Lemma Qpow_e0_triangular k : (k < n)%N ->
  supp_upto (Qmx ^+ k *m e0) k /\ vcoord (Qmx ^+ k *m e0) k = (-1) ^+ k.
Proof.
elim: k => [_|k IH hk].
  rewrite expr0 mul1mx; split.
    by move=> a ha; rewrite mxE; case: eqP => // e; rewrite e in ha.
  have e : inord 0 = ord0 :> 'I_N by apply: val_inj; rewrite /= inordK.
  by rewrite /vcoord mxE e !eqxx expr0.
have [hs hv] := IH (ltnW hk).
set v := Qmx ^+ k *m e0 in hs hv *.
have -> : Qmx ^+ k.+1 *m e0 = Qmx *m v by rewrite exprS -mulmxE mulmxA.
have hsL : supp_upto v n.-1 by move=> a ha; apply: hs; lia.
split.
  move=> a ha; case: (ltnP a n) => h; last by apply: (supp_mulQ hsL); lia.
  rewrite mulQ_low // /vcoord !(supp_coord hs); try lia.
  by case_ifs; rewrite ?subrr ?subr0.
rewrite /vcoord mulQ_low inordK; try lia.
rewrite /vcoord (supp_coord hs) //; try lia.
rewrite /= -/(vcoord v k) hv; case: ifP => _; rewrite ?(supp_coord hs); try lia.
all: by rewrite exprS mulN1r; ring.
Qed.

Lemma Qpow_e0_span m : (m <= n)%N -> forall u : 'cV[F]_N,
  (forall a : 'I_N, (m <= a)%N -> u a 0 = 0) ->
  exists c : nat -> F, u = \sum_(k < m) c k *: (Qmx ^+ k *m e0).
Proof.
elim: m => [_ u hu|m IH hm u hu].
  exists (fun _ => 0); rewrite big_ord0.
  by apply/matrixP => a b; rewrite ord1 mxE hu.
have [hs hv] := Qpow_e0_triangular hm.
set w := Qmx ^+ m *m e0 in hs hv *.
set s := u (inord m) 0 * (-1) ^+ m.
have hu' : forall a : 'I_N, (m <= a)%N -> (u - s *: w) a 0 = 0.
  move=> a ha; have -> : (u - s *: w) a 0 = u a 0 - s * w a 0 by rewrite !mxE.
  case: (ltnP m a) => h.
    by rewrite hu ?hs // ?mulr0 ?subr0 //; lia.
  have e : a = inord m by apply: val_inj; rewrite /= inordK; lia.
  move: hv; rewrite /vcoord -e => ->.
  by rewrite /s -mulrA -expr2 -exprM mulnC exprM sqrrN !expr1n mulr1 e subrr.
have [c hc] := IH (ltnW hm) _ hu'.
exists (fun k => if k == m then s else c k).
rewrite big_ord_recr /= eqxx.
have -> : \sum_(i < m) (if (i : nat) == m then s else c i) *: (Qmx ^+ i *m e0)
        = \sum_(i < m) c i *: (Qmx ^+ i *m e0).
  by apply: eq_bigr => i _; rewrite ltn_eqF.
by rewrite -hc subrK.
Qed.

════════════════

#### [Work to be completed]
Set down, exactly as they appear, the lines above from the first one to the line that holds "by move=> a ha; rewrite", both included, please, and no others.

#### [Answer section]
Lemma Qpow_e0_triangular k : (k < n)%N ->
  supp_upto (Qmx ^+ k *m e0) k /\ vcoord (Qmx ^+ k *m e0) k = (-1) ^+ k.
Proof.
elim: k => [_|k IH hk].
  rewrite expr0 mul1mx; split.
    by move=> a ha; rewrite mxE; case: eqP => // e; rewrite e in ha.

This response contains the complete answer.